WHAT THE EXERCISE ASKS =>
Nothing but the lines from the one containing "From HB Require Import structures." through the last line of the entries should appear in the output, each verbatim.

Start of DATA LISTING

(* Let $\mathcal{X}_1,\mathcal{X}_2$ be non-empty sets, $\mathcal{B}_1\subseteq\mathcal{P}(\mathcal{X}_1)\setminus\{\emptyset\}$, $\mathcal{B}_2\subseteq\mathcal{P}(\mathcal{X}_2)\setminus\{\emptyset\}$, and for $i\in\{1,2\}$ let $\underline{P}_i$ be a coherent conditional lower prevision on $\mathcal{C}_i\subseteq\mathcal{C}(\mathcal{X}_i)$ with natural extension $\underline{E}_i$ to $\mathcal{C}(\mathcal{X}_i)$, and let $\overline{E}_i(g):=-\underline{E}_i(-g)$. Let $\{i,j\}=\{1,2\}$. Then for any $h\in\mathcal{G}(\mathcal{X}_j)$ and any $\mathcal{B}_i$-measurable $g\in\mathcal{G}_{\geq0}(\mathcal{X}_i)$, $$(\underline{P}_1\otimes\underline{P}_2)(gh)=\underline{E}_i\big(g\,\underline{E}_j(h)\big)=\begin{cases}\underline{E}_i(g)\underline{E}_j(h)&\text{if }\underline{E}_j(h)\geq0,\\ \overline{E}_i(g)\underline{E}_j(h)&\text{if }\underline{E}_j(h)\leq0.\end{cases}$$
   Context: Gambles on a non-empty set $\mathcal{X}$ are bounded real functions; $\mathcal{G}(\mathcal{X})$, $\mathcal{G}_{\geq0}(\mathcal{X})$, $\mathcal{G}_{>0}(\mathcal{X})$ denote all gambles, non-negative gambles, non-negative non-zero gambles. For $\mathcal{A}\subseteq\mathcal{G}(\mathcal{X})$: $\mathrm{posi}(\mathcal{A}):=\{\sum_{i=1}^n\lambda_if_i\colon n\in\mathbb{N},\lambda_i>0,f_i\in\mathcal{A}\}$, $\mathcal{E}(\mathcal{A}):=\mathrm{posi}(\mathcal{A}\cup\mathcal{G}_{>0}(\mathcal{X}))$. A coherent set of desirable gambles $\mathcal{D}\subseteq\mathcal{G}(\mathcal{X})$ satisfies: (D1) $f\geq0,f\neq0\Rightarrow f\in\mathcal{D}$; (D2) $f\in\mathcal{D},\lambda>0\Rightarrow\lambda f\in\mathcal{D}$; (D3) $f,g\in\mathcal{D}\Rightarrow f+g\in\mathcal{D}$; (D4) $f\leq0\Rightarrow f\notin\mathcal{D}$. $\mathcal{C}(\mathcal{X}):=\mathcal{G}(\mathcal{X})\times(\mathcal{P}(\mathcal{X})\setminus\{\emptyset\})$; a conditional lower prevision on $\mathcal{C}\subseteq\mathcal{C}(\mathcal{X})$ is a map $(f,B)\mapsto\underline{P}(f\vert B)\in\mathbb{R}\cup\{\pm\infty\}$. For $\mathcal{D}\subseteq\mathcal{G}(\mathcal{X})$, $\underline{P}_{\mathcal{D}}(f\vert B):=\sup\{\mu\in\mathbb{R}\colon[f-\mu]\mathbb{I}_B\in\mathcal{D}\}$. $\underline{P}$ is coherent if $\underline{P}=\underline{P}_{\mathcal{D}}$ on its domain for some coherent set of desirable gambles $\mathcal{D}$. For coherent $\underline{P}$ on $\mathcal{C}$, $\mathcal{E}(\underline{P}):=\mathcal{E}(\{[f-\mu]\mathbb{I}_B\colon(f,B)\in\mathcal{C},\mu<\underline{P}(f\vert B)\})$ and its natural extension is $\underline{E}(f\vert B):=\underline{P}_{\mathcal{E}(\underline{P})}(f\vert B)$ for all $(f,B)\in\mathcal{C}(\mathcal{X})$. Unconditional notation: $\underline{P}(f):=\underline{P}(f\vert\mathcal{X})$. Gambles on $\mathcal{X}_i$ are identified with their cylindrical extensions to $\mathcal{X}_1\times\mathcal{X}_2$, events $B\subseteq\mathcal{X}_1$ with $B\times\mathcal{X}_2$ (similarly for $\mathcal{X}_2$). For coherent sets of desirable gambles $\mathcal{D}_1,\mathcal{D}_2$: $\mathcal{D}_1\otimes\mathcal{D}_2:=\mathcal{E}(\mathcal{A}_{1\to2}\cup\mathcal{A}_{2\to1})$, $\mathcal{A}_{1\to2}:=\{f_2(X_2)\mathbb{I}_{B_1}(X_1)\colon f_2\in\mathcal{D}_2,B_1\in\mathcal{B}_1\cup\{\mathcal{X}_1\}\}$, $\mathcal{A}_{2\to1}:=\{f_1(X_1)\mathbb{I}_{B_2}(X_2)\colon f_1\in\mathcal{D}_1,B_2\in\mathcal{B}_2\cup\{\mathcal{X}_2\}\}$. Then $(\underline{P}_1\otimes\underline{P}_2)(f\vert B):=\underline{P}_{\mathcal{D}}(f\vert B)$ for $(f,B)\in\mathcal{C}(\mathcal{X}_1\times\mathcal{X}_2)$ with $\mathcal{D}=\mathcal{E}(\underline{P}_1)\otimes\mathcal{E}(\underline{P}_2)$. Measurability: for $\mathcal{B}\subseteq\mathcal{P}(\mathcal{X})\setminus\{\emptyset\}$, $g\in\mathcal{G}_{\geq0}(\mathcal{X})$ is simple $\mathcal{B}$-measurable if $g=c_0+\sum_{k=1}^nc_k\mathbb{I}_{B_k}$ for some $n\in\mathbb{N}\cup\{0\}$, $c_0,\dots,c_n\geq0$, $B_k\in\mathcal{B}$; $g\in\mathcal{G}_{\geq0}(\mathcal{X})$ is $\mathcal{B}$-measurable if there is a sequence of simple $\mathcal{B}$-measurable $g_n\in\mathcal{G}_{\geq0}(\mathcal{X})$ with $\sup|g-g_n|\to0$. *)

From HB Require Import structures.
From mathcomp Require Import all_boot all_order all_algebra.
From mathcomp Require Import all_classical all_reals all_analysis.
Set Implicit Arguments. Unset Strict Implicit. Unset Printing Implicit Defensive.
Import Order.TTheory GRing.Theory Num.Theory.
Local Open Scope classical_set_scope.
Local Open Scope ring_scope.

End of DATA LISTING

PROBLEM SOLUTION =>
From HB Require Import structures.
From mathcomp Require Import all_boot all_order all_algebra.
From mathcomp Require Import all_classical all_reals all_analysis.
Set Implicit Arguments. Unset Strict Implicit. Unset Printing Implicit Defensive.
Import Order.TTheory GRing.Theory Num.Theory.
Local Open Scope classical_set_scope.
Local Open Scope ring_scope.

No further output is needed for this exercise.